> **PROVIDED DATA**
※ ※ ※

(* Every (unbounded-fanin) formula computing $\textsc{parity}_n(x)=x_1\oplus\cdots\oplus x_n$ has $\Omega(n^2)$ gates, and likewise every formula computing $\textsc{majority}_n$ (which is 1 iff more than half of the $n$ input bits are 1) has $\Omega(n^2)$ gates.
   Context: A formula on input variables $x_1,\dots,x_n$ is a rooted tree whose leaves are labeled by input variables (the same variable may label many leaves) and whose internal vertices are \textsc{not} gates (fanin 1) or unbounded-fanin \textsc{and}/\textsc{or} gates; its number of gates is the number of \textsc{and} and \textsc{or} gates. *)

From mathcomp Require Import all_boot.
Set Implicit Arguments. Unset Strict Implicit. Unset Printing Implicit Defensive.

Inductive formula (n : nat) : Type :=
| FVar of 'I_n
| FNot of formula n
| FAnd of seq (formula n)
| FOr of seq (formula n).

Arguments FVar {n}.
Arguments FNot {n}.
Arguments FAnd {n}.
Arguments FOr {n}.

Fixpoint eval_formula n (x : 'I_n -> bool) (F : formula n) : bool :=
  match F with
  | FVar i => x i
  | FNot G => ~~ eval_formula x G
  | FAnd l => all id (map (eval_formula x) l)
  | FOr l => has id (map (eval_formula x) l)
  end.

Fixpoint gates n (F : formula n) : nat :=
  match F with
  | FVar _ => 0
  | FNot G => gates G
  | FAnd l => (sumn (map (@gates n) l)).+1
  | FOr l => (sumn (map (@gates n) l)).+1
  end.

Definition computes n (F : formula n) (f : ('I_n -> bool) -> bool) : Prop :=
  forall x, eval_formula x F = f x.

Definition ones n (x : 'I_n -> bool) : nat := #|[pred i | x i]|.

Definition parity n (x : 'I_n -> bool) : bool := odd (ones x).

Definition majority n (x : 'I_n -> bool) : bool := n < 2 * ones x.

From mathcomp Require Import all_boot zify.
Set Implicit Arguments. Unset Strict Implicit. Unset Printing Implicit Defensive.

(* Quadratic lower bounds for PARITY and MAJORITY against unbounded-fanin
   formulas, by Khrapchenko's method combined with random restrictions.

   Pair the variables as {2p, 2p+1} for p < k = n/2.  A restriction leaves
   each pair free or fixes it to (b, ~~ b) (an unpaired last variable is fixed
   to 0), so that every fixed pair contributes exactly one 1.  For a formula F
   and a restriction s we define a restricted Khrapchenko measure [cost s F]:
   each gate is charged the number of free variables among its literal
   children, or nothing when a literal child already fixes its value.
   1. (Khrapchenko) For every s, every set A of ones and B of zeros of F that
      are consistent with s satisfy  edges(A, B)^2 <= cost s F * |A| * |B|.
   2. (Averaging) Summed over the 3^k restrictions, cost s F is at most
      3^k (2 gates F + 1): a gate whose literal children touch q pairs costs
      at most 2q, and only in the at most 2^q 3^(k-q) restrictions that fix
      none of these pairs so as to determine the gate.
   3. (Lower bound) PARITY and MAJORITY separate the consistent inputs with
      f + 1 and with f free ones, f the number of free pairs; these two sets
      have minimum degree f into each other, so f^2 <= cost s F by 1.
   4. As f averages k/3, the average of f^2 is at least k^2/9, whence
      k^2 <= 9 (2 gates F + 1), and n^2 <= 162 gates F for n >= 8. *)

Lemma four_mul_le_sqr_add x y : 4 * (x * y) <= (x + y) ^ 2.
Proof.
rewrite !expnS expn0 muln1.
wlog le_xy : x y / x <= y => [hwlog|].
  case: (leqP x y) => [|/ltnW]; first exact: hwlog.
  by rewrite [x * y]mulnC [x + y]addnC; apply: hwlog.
have -> : y = x + (y - x) by lia.
nia.
Qed.

Lemma double_le_add_of_sqr_le_mul p x y : p * p <= x * y -> 2 * p <= x + y.
Proof.
move=> le_p; have := four_mul_le_sqr_add x y; rewrite !expnS expn0 muln1 => amgm.
rewrite leqNgt; apply/negP => lt_sum; have := ltn_mul lt_sum lt_sum; nia.
Qed.

(* Bounds e_i^2 <= L_i a_i b on two parts add up: this is how the
   Khrapchenko measure of a set split into two parts is controlled. *)
Lemma sqr_add_le_split e1 e2 L1 L2 a1 a2 b :
  e1 ^ 2 <= L1 * a1 * b -> e2 ^ 2 <= L2 * a2 * b ->
  (e1 + e2) ^ 2 <= (L1 + L2) * (a1 + a2) * b.
Proof.
rewrite !expnS !expn0 !muln1 => h1 h2.
have cross : (e1 * e2) * (e1 * e2) <= (L1 * a2 * b) * (L2 * a1 * b).
  by have := leq_mul h1 h2; nia.
have := double_le_add_of_sqr_le_mul cross; nia.
Qed.

Lemma mul_exp2_le_exp3 q : q * 2 ^ q <= 3 ^ q.
Proof.
elim: q => [//|q IH]; case: q IH => [//|[//|q]] IH.
rewrite (expnS 2) (expnS 3).
have le_q : q.+3 * 2 <= 3 * q.+2 by lia.
have := leq_mul le_q (leqnn (2 ^ q.+2)).
move: IH; generalize (2 ^ q.+2) (3 ^ q.+2) => a c; nia.
Qed.

Section Formulas.
Variable n : nat.
Implicit Types (F c : formula n) (l : seq (formula n)).

(* Membership of a subformula in a list of children (formulas carry no
   decidable equality, so this is a Prop-valued membership). *)
Fixpoint child c l : Prop :=
  if l is c' :: l' then c' = c \/ child c l' else False.

Fixpoint formula_nested_ind (P : formula n -> Prop)
  (hV : forall i, P (FVar i)) (hN : forall G, P G -> P (FNot G))
  (hA : forall l, (forall c, child c l -> P c) -> P (FAnd l))
  (hO : forall l, (forall c, child c l -> P c) -> P (FOr l)) F : P F :=
  let fix children l : forall c, child c l -> P c :=
    match l with
    | nil => fun c H => False_ind _ H
    | c' :: l' => fun c H => match H with
       | or_introl e => eq_ind c' P (formula_nested_ind hV hN hA hO c') c e
       | or_intror H' => children l' c H' end
    end in
  match F with
  | FVar i => hV i
  | FNot G => hN G (formula_nested_ind hV hN hA hO G)
  | FAnd l => hA l (children l)
  | FOr l => hO l (children l)
  end.

Lemma hasP_child (p : pred (formula n)) l :
  reflect (exists c, child c l /\ p c) (has p l).
Proof.
elim: l => [|c l IH] /=; first by constructor => -[c []].
case pc: (p c); first by constructor; exists c; split => //; left.
apply: (iffP IH) => [[c' [h1 h2]]|[c' [[<-|h1] h2]]].
- by exists c'; split => //; right.
- by rewrite h2 in pc.
- by exists c'.
Qed.

Lemma allP_child (p : pred (formula n)) l : all p l -> forall c, child c l -> p c.
Proof. by elim: l => //= c l IH /andP[pc al] c' [<-|h] //; apply: IH. Qed.

Lemma sumn_le_child (f g : formula n -> nat) l :
  (forall c, child c l -> f c <= g c) -> sumn (map f l) <= sumn (map g l).
Proof.
elim: l => [|c l IH] //= h.
by rewrite leq_add ?h ?IH // => [|c' h']; [left | apply: h; right].
Qed.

※ ※ ※

> **EXERCISE**
The answer must be the complete listing, repeated exactly.

> **TASK SOLUTION**
(* Every (unbounded-fanin) formula computing $\textsc{parity}_n(x)=x_1\oplus\cdots\oplus x_n$ has $\Omega(n^2)$ gates, and likewise every formula computing $\textsc{majority}_n$ (which is 1 iff more than half of the $n$ input bits are 1) has $\Omega(n^2)$ gates.
   Context: A formula on input variables $x_1,\dots,x_n$ is a rooted tree whose leaves are labeled by input variables (the same variable may label many leaves) and whose internal vertices are \textsc{not} gates (fanin 1) or unbounded-fanin \textsc{and}/\textsc{or} gates; its number of gates is the number of \textsc{and} and \textsc{or} gates. *)

From mathcomp Require Import all_boot.
Set Implicit Arguments. Unset Strict Implicit. Unset Printing Implicit Defensive.

Inductive formula (n : nat) : Type :=
| FVar of 'I_n
| FNot of formula n
| FAnd of seq (formula n)
| FOr of seq (formula n).

Arguments FVar {n}.
Arguments FNot {n}.
Arguments FAnd {n}.
Arguments FOr {n}.

Fixpoint eval_formula n (x : 'I_n -> bool) (F : formula n) : bool :=
  match F with
  | FVar i => x i
  | FNot G => ~~ eval_formula x G
  | FAnd l => all id (map (eval_formula x) l)
  | FOr l => has id (map (eval_formula x) l)
  end.

Fixpoint gates n (F : formula n) : nat :=
  match F with
  | FVar _ => 0
  | FNot G => gates G
  | FAnd l => (sumn (map (@gates n) l)).+1
  | FOr l => (sumn (map (@gates n) l)).+1
  end.

Definition computes n (F : formula n) (f : ('I_n -> bool) -> bool) : Prop :=
  forall x, eval_formula x F = f x.

Definition ones n (x : 'I_n -> bool) : nat := #|[pred i | x i]|.

Definition parity n (x : 'I_n -> bool) : bool := odd (ones x).

Definition majority n (x : 'I_n -> bool) : bool := n < 2 * ones x.

From mathcomp Require Import all_boot zify.
Set Implicit Arguments. Unset Strict Implicit. Unset Printing Implicit Defensive.

(* Quadratic lower bounds for PARITY and MAJORITY against unbounded-fanin
   formulas, by Khrapchenko's method combined with random restrictions.

   Pair the variables as {2p, 2p+1} for p < k = n/2.  A restriction leaves
   each pair free or fixes it to (b, ~~ b) (an unpaired last variable is fixed
   to 0), so that every fixed pair contributes exactly one 1.  For a formula F
   and a restriction s we define a restricted Khrapchenko measure [cost s F]:
   each gate is charged the number of free variables among its literal
   children, or nothing when a literal child already fixes its value.
   1. (Khrapchenko) For every s, every set A of ones and B of zeros of F that
      are consistent with s satisfy  edges(A, B)^2 <= cost s F * |A| * |B|.
   2. (Averaging) Summed over the 3^k restrictions, cost s F is at most
      3^k (2 gates F + 1): a gate whose literal children touch q pairs costs
      at most 2q, and only in the at most 2^q 3^(k-q) restrictions that fix
      none of these pairs so as to determine the gate.
   3. (Lower bound) PARITY and MAJORITY separate the consistent inputs with
      f + 1 and with f free ones, f the number of free pairs; these two sets
      have minimum degree f into each other, so f^2 <= cost s F by 1.
   4. As f averages k/3, the average of f^2 is at least k^2/9, whence
      k^2 <= 9 (2 gates F + 1), and n^2 <= 162 gates F for n >= 8. *)

Lemma four_mul_le_sqr_add x y : 4 * (x * y) <= (x + y) ^ 2.
Proof.
rewrite !expnS expn0 muln1.
wlog le_xy : x y / x <= y => [hwlog|].
  case: (leqP x y) => [|/ltnW]; first exact: hwlog.
  by rewrite [x * y]mulnC [x + y]addnC; apply: hwlog.
have -> : y = x + (y - x) by lia.
nia.
Qed.

Lemma double_le_add_of_sqr_le_mul p x y : p * p <= x * y -> 2 * p <= x + y.
Proof.
move=> le_p; have := four_mul_le_sqr_add x y; rewrite !expnS expn0 muln1 => amgm.
rewrite leqNgt; apply/negP => lt_sum; have := ltn_mul lt_sum lt_sum; nia.
Qed.

(* Bounds e_i^2 <= L_i a_i b on two parts add up: this is how the
   Khrapchenko measure of a set split into two parts is controlled. *)
Lemma sqr_add_le_split e1 e2 L1 L2 a1 a2 b :
  e1 ^ 2 <= L1 * a1 * b -> e2 ^ 2 <= L2 * a2 * b ->
  (e1 + e2) ^ 2 <= (L1 + L2) * (a1 + a2) * b.
Proof.
rewrite !expnS !expn0 !muln1 => h1 h2.
have cross : (e1 * e2) * (e1 * e2) <= (L1 * a2 * b) * (L2 * a1 * b).
  by have := leq_mul h1 h2; nia.
have := double_le_add_of_sqr_le_mul cross; nia.
Qed.

Lemma mul_exp2_le_exp3 q : q * 2 ^ q <= 3 ^ q.
Proof.
elim: q => [//|q IH]; case: q IH => [//|[//|q]] IH.
rewrite (expnS 2) (expnS 3).
have le_q : q.+3 * 2 <= 3 * q.+2 by lia.
have := leq_mul le_q (leqnn (2 ^ q.+2)).
move: IH; generalize (2 ^ q.+2) (3 ^ q.+2) => a c; nia.
Qed.

Section Formulas.
Variable n : nat.
Implicit Types (F c : formula n) (l : seq (formula n)).

(* Membership of a subformula in a list of children (formulas carry no
   decidable equality, so this is a Prop-valued membership). *)
Fixpoint child c l : Prop :=
  if l is c' :: l' then c' = c \/ child c l' else False.

Fixpoint formula_nested_ind (P : formula n -> Prop)
  (hV : forall i, P (FVar i)) (hN : forall G, P G -> P (FNot G))
  (hA : forall l, (forall c, child c l -> P c) -> P (FAnd l))
  (hO : forall l, (forall c, child c l -> P c) -> P (FOr l)) F : P F :=
  let fix children l : forall c, child c l -> P c :=
    match l with
    | nil => fun c H => False_ind _ H
    | c' :: l' => fun c H => match H with
       | or_introl e => eq_ind c' P (formula_nested_ind hV hN hA hO c') c e
       | or_intror H' => children l' c H' end
    end in
  match F with
  | FVar i => hV i
  | FNot G => hN G (formula_nested_ind hV hN hA hO G)
  | FAnd l => hA l (children l)
  | FOr l => hO l (children l)
  end.

Lemma hasP_child (p : pred (formula n)) l :
  reflect (exists c, child c l /\ p c) (has p l).
Proof.
elim: l => [|c l IH] /=; first by constructor => -[c []].
case pc: (p c); first by constructor; exists c; split => //; left.
apply: (iffP IH) => [[c' [h1 h2]]|[c' [[<-|h1] h2]]].
- by exists c'; split => //; right.
- by rewrite h2 in pc.
- by exists c'.
Qed.

Lemma allP_child (p : pred (formula n)) l : all p l -> forall c, child c l -> p c.
Proof. by elim: l => //= c l IH /andP[pc al] c' [<-|h] //; apply: IH. Qed.

Lemma sumn_le_child (f g : formula n -> nat) l :
  (forall c, child c l -> f c <= g c) -> sumn (map f l) <= sumn (map g l).
Proof.
elim: l => [|c l IH] //= h.
by rewrite leq_add ?h ?IH // => [|c' h']; [left | apply: h; right].
Qed.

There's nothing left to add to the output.